2018. Intel entwickelte den neuromorphen Chip Loihi, der in der Robotik sowie in der Gesten- und Geruchserkennung eingesetzt wurde.

Die Zukunft des neuromorphen Computings

Die jüngsten Fortschritte in der neuromorphen Forschung sind zum Teil auf den weit verbreiteten und zunehmenden Einsatz von KI, maschinellem Lernen, neuronalen Netzen und tiefen neuronalen Netzwerkarchitekturen in der Consumer- und Unternehmenstechnologie zurückzuführen. Sie sind auch auf das von vielen IT-Experten wahrgenommene Ende des Mooreschen Gesetzes zurückzuführen.

Das Mooresche Gesetz besagt, dass sich die Anzahl der Transistoren, die auf einem Mikrochip platziert werden können, alle zwei Jahre verdoppelt, wobei die Kosten gleich bleiben. Experten prognostizieren jedoch, dass das Ende des Mooreschen Gesetzes unmittelbar bevorsteht. Angesichts dessen hat das Versprechen des neuromorphen Rechnens, traditionelle Architekturen zu umgehen und neue Effizienzniveaus zu erreichen, die Aufmerksamkeit der Chiphersteller auf sich gezogen.
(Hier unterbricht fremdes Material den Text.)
(* Let $\Phi=(A;\{E_i\}_{i=0}^d;A^*;\{E^*_i\}_{i=0}^d)$ be a tridiagonal system on $V$ with $d\ge1$, such that $(A,A^* )$ satisfies the $q$-Serre relations, with $E_iV$ the eigenspace of $A$ for $\theta_i=q^{2i-d}$ and $E^*_iV$ the eigenspace of $A^*$ for $\theta^*_i=q^{d-2i}$. Let $\{U_i\}_{i=0}^d$ be its split decomposition, $K:V\to V$ the linear map acting on $U_i$ as $q^{d-2i}I$, $t$ a scalar, $B=A$, $B^*=tA^*+(1-t)K$, and $E'_i$ the primitive idempotent of $B^*$ for $\theta^*_i$. Then for $0\le i\le d$, $$B^*E_iV\subseteq E_{i-1}V+E_iV+E_{i+1}V\quad(E_{-1}=E_{d+1}=0),\qquad BE'_iV\subseteq E'_{i-1}V+E'_iV+E'_{i+1}V\quad(E'_{-1}=E'_{d+1}=0).$$
   Context: $\mathcal K$ is an algebraically closed field; $V$ is a nonzero finite-dimensional vector space over $\mathcal K$; $q\in\mathcal K$ is nonzero and not a root of unity; $[3]_q=q^2+1+q^{-2}$. The $q$-Serre relations for $(X,Y)$: $X^3Y-[3]_qX^2YX+[3]_qXYX^2-YX^3=0$ and $Y^3X-[3]_qY^2XY+[3]_qYXY^2-XY^3=0$. Primitive idempotent of a diagonalizable $X$ for eigenvalue $\lambda_i$: $\prod_{j\ne i}\frac{X-\lambda_jI}{\lambda_i-\lambda_j}$. A tridiagonal system on $V$ is a sequence $(A;\{E_i\}_{i=0}^d;A^*;\{E^*_i\}_{i=0}^d)$ with $A,A^*$ diagonalizable, $\{E_i\}$, $\{E^*_i\}$ orderings of their primitive idempotents, $E_iA^*E_j=0$ and $E^*_iAE^*_j=0$ when $|i-j|>1$, and no subspaces other than $0,V$ invariant under both $A$ and $A^*$. Split decomposition: $U_i=(E^*_0V+\cdots+E^*_iV)\cap(E_iV+\cdots+E_dV)$; known: $V=U_0\oplus\cdots\oplus U_d$, $(A-\theta_iI)U_i\subseteq U_{i+1}$, $(A^*-\theta^*_iI)U_i\subseteq U_{i-1}$ ($U_{-1}=U_{d+1}=0$). It is a fact (proved in the paper) that $B^*$ is diagonalizable with eigenvalues $\theta^*_0,\dots,\theta^*_d$, so $E'_i$ is defined. *)

(* Linear maps on V = K^n are n x n matrices acting on ROW
   vectors (v |-> v *m M), subspaces are row spaces (mxalgebra %MS). *)
From HB Require Import structures.
From mathcomp Require Import all_boot all_order all_algebra.
Set Implicit Arguments. Unset Strict Implicit. Unset Printing Implicit Defensive.
Import Order.TTheory GRing.Theory Num.Theory.
Local Open Scope ring_scope.

Definition prim_idem (K : fieldType) (n d : nat) (X : 'M[K]_n)
  (th : 'I_d.+1 -> K) (i : 'I_d.+1) : 'M[K]_n :=
  \prod_(j < d.+1 | j != i) ((th i - th j)^-1 *: (X - (th j)%:M)).

Definition tridiagonal_system (K : fieldType) (n d : nat) (A As : 'M[K]_n)
  (th ths : 'I_d.+1 -> K) (E Es : 'I_d.+1 -> 'M[K]_n) : Prop :=
  [/\ diagonalizable A /\ diagonalizable As,
      injective th /\ injective ths,
      (forall a, eigenvalue A a <-> exists i, a = th i) /\
      (forall a, eigenvalue As a <-> exists i, a = ths i),
      (forall i, E i = prim_idem A th i) /\ (forall i, Es i = prim_idem As ths i) /\
      (forall i j : 'I_d.+1, ((i.+1 < j)%N || (j.+1 < i)%N) ->
          E i *m As *m E j = 0 /\ Es i *m A *m Es j = 0)
    & (forall W : 'M[K]_n, stablemx W A -> stablemx W As ->
          (W == (0 : 'M[K]_n))%MS \/ (W == (1%:M : 'M[K]_n))%MS)].

Definition q_serre (K : fieldType) (n : nat) (q : K) (X Y : 'M[K]_n) : Prop :=
  let q3 := q ^+ 2 + 1 + q ^- 2 in
  X ^+ 3 *m Y - q3 *: (X ^+ 2 *m Y *m X) + q3 *: (X *m Y *m X ^+ 2) - Y *m X ^+ 3 = 0
  /\ Y ^+ 3 *m X - q3 *: (Y ^+ 2 *m X *m Y) + q3 *: (Y *m X *m Y ^+ 2) - X *m Y ^+ 3 = 0.

Definition split_comp (K : fieldType) (n d : nat) (E Es : 'I_d.+1 -> 'M[K]_n)
  (i : 'I_d.+1) : 'M[K]_n :=
  ((\sum_(j < d.+1 | (j <= i)%N) Es j) :&: (\sum_(j < d.+1 | (i <= j)%N) E j))%MS.

Definition nbr_sum (K : fieldType) (n d : nat) (E : 'I_d.+1 -> 'M[K]_n)
  (i : 'I_d.+1) : 'M[K]_n :=
  (\sum_(j < d.+1 | (i <= j.+1)%N && (j <= i.+1)%N) E j)%MS.

(* Let U_0, ..., U_d be the split decomposition.  Their sum is invariant under
   A and A* (A - th_i maps U_i into U_(i+1), A* - th*_i maps U_i into U_(i-1))
   and contains E*_0 V, so by irreducibility it is V.  As K acts on U_i as
   th*_i = q^(d-2i), comparing both sides on each U_i gives
     A K - q^-2 K A = (1 - q^-2) I   and   A* K - q^2 K A* = (1 - q^2) K^2.
   Sandwiching the first relation between the idempotents E_i, E_j of A gives
   E_i K E_j = 0 for |i - j| > 1, hence the first inclusion.  Between the
   idempotents F_k of K the same relations make A upper and A* lower
   bidiagonal, with diagonals th_i and th*_i.  Hence for t <> 0, conjugating by
   G = sum_k t^-k F_k turns A* into B* and A into t A + (1 - t) K^-1, so that
   E'_i = G^-1 E*_i G; and E*_i K^-1 E*_j = 0 for |i - j| > 1 because
   K^-1 A* - q^2 A* K^-1 is scalar.  For t = 0, B* = K and the bidiagonality of
   A suffices. *)

From HB Require Import structures.
From mathcomp Require Import all_boot all_order all_algebra.
From mathcomp Require Import zify ring.
Set Implicit Arguments. Unset Strict Implicit. Unset Printing Implicit Defensive.
Import Order.TTheory GRing.Theory Num.Theory.
Local Open Scope ring_scope.

Lemma eq_on_full_sumsmx (F : fieldType) n (I : finType) (W : I -> 'M[F]_n)
    (M N : 'M[F]_n) :
  (\sum_i W i :=: 1%:M)%MS -> (forall i, W i *m M = W i *m N) -> M = N.
Proof.
move=> fullW eqMN; apply/eqP; rewrite -subr_eq0 -submx0.
have full1 : (1%:M <= \sum_i W i)%MS by rewrite fullW.
have := submxMr (M - N) full1; rewrite mul1mx sumsmxMr big1 // => i _.
by rewrite mulmxBr eqMN subrr.
Qed.

Lemma horner_mx_eigen (F : fieldType) n m (X : 'M[F]_n.+1) (Y : 'M[F]_(m, n.+1))
    a (p : {poly F}) :
  Y *m X = a *: Y -> Y *m horner_mx X p = p.[a] *: Y.
Proof.
move=> YX; elim/poly_ind: p => [|p c IHp].
  by rewrite rmorph0 mulmx0 horner0 scale0r.
rewrite rmorphD rmorphM /= horner_mx_X horner_mx_C hornerMXaddC.
rewrite mulmxDr -mulmxE mulmxA IHp -scalemxAl YX scalerA.
by rewrite mul_mx_scalar scalerDl.
Qed.

Section Lagrange.
Variables (F : fieldType) (d : nat) (c : 'I_d.+1 -> F).

Definition lagrange_poly (i : 'I_d.+1) : {poly F} :=
  \prod_(j < d.+1 | j != i) ((c i - c j)^-1 *: ('X - (c j)%:P)).

Definition eigval_poly : {poly F} := \prod_(k < d.+1) ('X - (c k)%:P).

Lemma eigval_poly_root k : eigval_poly.[c k] = 0.
Proof. by rewrite horner_prod (bigD1 k) //= hornerXsubC subrr mul0r. Qed.

Lemma size_lagrange_poly i : (size (lagrange_poly i) <= d.+1)%N.
Proof.
rewrite /lagrange_poly scaler_prod; apply: leq_trans (size_scale_leq _ _) _.
rewrite -big_filter size_prod_XsubC ltnS size_filter.
by rewrite -sum1_count sum1_card cardC1 card_ord.
Qed.

Hypothesis c_inj : injective c.

Lemma lagrange_poly_eval i k : (lagrange_poly i).[c k] = (i == k)%:R.
Proof.
rewrite /lagrange_poly horner_prod; have [<-|neq_ik] := eqVneq i k.
  rewrite big1 // => j neq_ji; rewrite hornerZ hornerXsubC mulVf // subr_eq0.
  by apply: contra neq_ji => /eqP/c_inj ->.
by rewrite (bigD1 k) 1?eq_sym //= hornerZ hornerXsubC subrr mulr0 mul0r.
Qed.

Lemma sum_lagrange_poly : \sum_i lagrange_poly i = 1.
Proof.
apply/eqP; rewrite -subr_eq0; apply/eqP.
apply: (@roots_geq_poly_eq0 _ _ [seq c k | k <- enum 'I_d.+1]).
- apply/allP => _ /mapP [k _ ->]; rewrite /root hornerD hornerN horner_sum hornerC.
  rewrite (bigD1 k) //= lagrange_poly_eval // eqxx big1 ?addr0 ?subrr //.
  by move=> j /negPf; rewrite lagrange_poly_eval => ->.
- by rewrite map_inj_uniq ?enum_uniq.
- rewrite size_map size_enum_ord; apply: leq_trans (size_polyD _ _) _.
  rewrite geq_max size_polyN size_poly1 andbT; apply: leq_trans (size_sum _ _ _) _.
  by apply/bigmax_leqP => i _; apply: size_lagrange_poly.
Qed.

End Lagrange.

Record eigen_resolution (F : fieldType) (n d : nat) (X : 'M[F]_n)
    (c : 'I_d.+1 -> F) (Q : 'I_d.+1 -> 'M[F]_n) : Prop := EigenResolution {
  sum_idem : \sum_i Q i = 1%:M;
  mul_idem : forall i j, Q i *m Q j = (i == j)%:R *: Q i;
  idem_eigen : forall i, Q i *m X = c i *: Q i;
  eigen_idem : forall i, X *m Q i = c i *: Q i }.

Section PrimitiveIdempotents.
Variables (F : fieldType) (n d : nat) (X : 'M[F]_n.+1) (c : 'I_d.+1 -> F).

Lemma prim_idem_horner i : prim_idem X c i = horner_mx X (lagrange_poly c i).
Proof.
rewrite /prim_idem /lagrange_poly rmorph_prod; apply: eq_bigr => j _.
by rewrite [RHS]/= horner_mxZ rmorphB /= horner_mx_X horner_mx_C.
Qed.

Lemma diagonalizable_eigval_poly :
  diagonalizable X -> (forall a, eigenvalue X a -> exists i, a = c i) ->
  horner_mx X (eigval_poly c) = 0.
Proof.
move=> /diagonalizablePeigen [rs _ full_rs] eigval_c.
rewrite (big_nth 0) big_mkord in full_rs.
apply: (eq_on_full_sumsmx full_rs) => i; rewrite mulmx0.
have /horner_mx_eigen-> : eigenspace X rs`_i *m X = rs`_i *: eigenspace X rs`_i.
  exact/eigenspaceP.
have [-> | /eigval_c [k ->]] := eqVneq (eigenspace X rs`_i) 0; first by rewrite scaler0.
by rewrite eigval_poly_root scale0r.
Qed.

Hypothesis c_inj : injective c.

Lemma sum_prim_idem : \sum_i prim_idem X c i = 1%:M.
Proof.
under eq_bigr => i _ do rewrite prim_idem_horner.
by rewrite -rmorph_sum sum_lagrange_poly // rmorph1.
Qed.

Lemma prim_idem_neq0 i : eigenvalue X (c i) -> prim_idem X c i != 0.
Proof.
rewrite /eigenvalue; set V := eigenspace X (c i) => nzV.
have VX : V *m X = c i *: V by apply/eigenspaceP.
have VP : V *m prim_idem X c i = V.
  by rewrite prim_idem_horner (horner_mx_eigen _ VX) lagrange_poly_eval // eqxx scale1r.
by apply: contraNneq nzV => P0; rewrite -VP P0 mulmx0.
Qed.

Lemma prim_idem_resolution (Q : 'I_d.+1 -> 'M[F]_n.+1) :
  horner_mx X (eigval_poly c) = 0 -> (forall i, Q i = prim_idem X c i) ->
  eigen_resolution X c Q.
Proof.
move=> X_ann defQ.
have mulX i : X *m Q i = c i *: Q i.
  have factor : ('X - (c i)%:P) * lagrange_poly c i =
      (\prod_(j < d.+1 | j != i) (c i - c j)^-1) *: eigval_poly c.
    rewrite /lagrange_poly scaler_prod -scalerAr; congr (_ *: _).
    by rewrite /eigval_poly [RHS](bigD1 i).
  apply/eqP; rewrite -subr_eq0; apply/eqP.
  have := congr1 (horner_mx X) factor.
  rewrite rmorphM /= rmorphB /= horner_mx_X horner_mx_C horner_mxZ X_ann scaler0.
  by rewrite defQ prim_idem_horner mulrBl -mulmxE mul_scalar_mx.
have Xmul i : Q i *m X = c i *: Q i.
  have : comm_mx X (Q i) by rewrite defQ prim_idem_horner; apply: comm_mx_horner.
  by rewrite /comm_mx => <-.
split=> // [|i j].
  by under eq_bigr => i _ do rewrite defQ; apply: sum_prim_idem.
by rewrite [Q j]defQ prim_idem_horner (horner_mx_eigen _ (Xmul i)) lagrange_poly_eval // eq_sym.
Qed.

Lemma eigen_resolution_prim_idem (Q : 'I_d.+1 -> 'M[F]_n.+1) :
  eigen_resolution X c Q -> forall i, Q i = prim_idem X c i.
Proof.
move=> res i; rewrite prim_idem_horner -[RHS]mul1mx -(sum_idem res) mulmx_suml.
rewrite (bigD1 i) //= big1 => [|j neq_ji]; rewrite (horner_mx_eigen _ (idem_eigen res _)).
  by rewrite lagrange_poly_eval // eqxx scale1r addr0.
by rewrite lagrange_poly_eval // eq_sym (negPf neq_ji) scale0r.
Qed.

End PrimitiveIdempotents.

Section IdempotentDecomposition.
Variables (F : fieldType) (n d : nat) (Q : 'I_d.+1 -> 'M[F]_n).
Hypothesis sumQ : \sum_i Q i = 1%:M.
Jüngste Entwicklungen bei neuromorphen Rechensystemen haben sich auf neue Hardware konzentriert, wie zum Beispiel Microcombs. Microcombs sind neuromorphe Geräte, die äußerst präzise Farbfrequenzen erzeugen oder messen. Laut einer neuromorphen Forschungsarbeit an der Swinburne University of Technology können neuromorphe Prozessoren, die Microcombs verwenden, zehn Billionen Operationen pro Sekunde ausführen. Neuromorphe Prozessoren, die Microcombs verwenden, können das Licht entfernter Planeten erkennen und möglicherweise Krankheiten in frühen Stadien diagnostizieren, indem sie den Inhalt der ausgeatmeten Luft analysieren.

Aufgrund des Versprechens, die Effizienz durch neuromorphes Computing zu verbessern, hat es die Aufmerksamkeit großer Chiphersteller wie IBM und Intel sowie des US-Militärs auf sich gezogen. Entwicklungen in der neuromorphen Technologie könnten die Lernfähigkeit modernster autonomer Geräte wie fahrerloser Autos und Drohnen verbessern.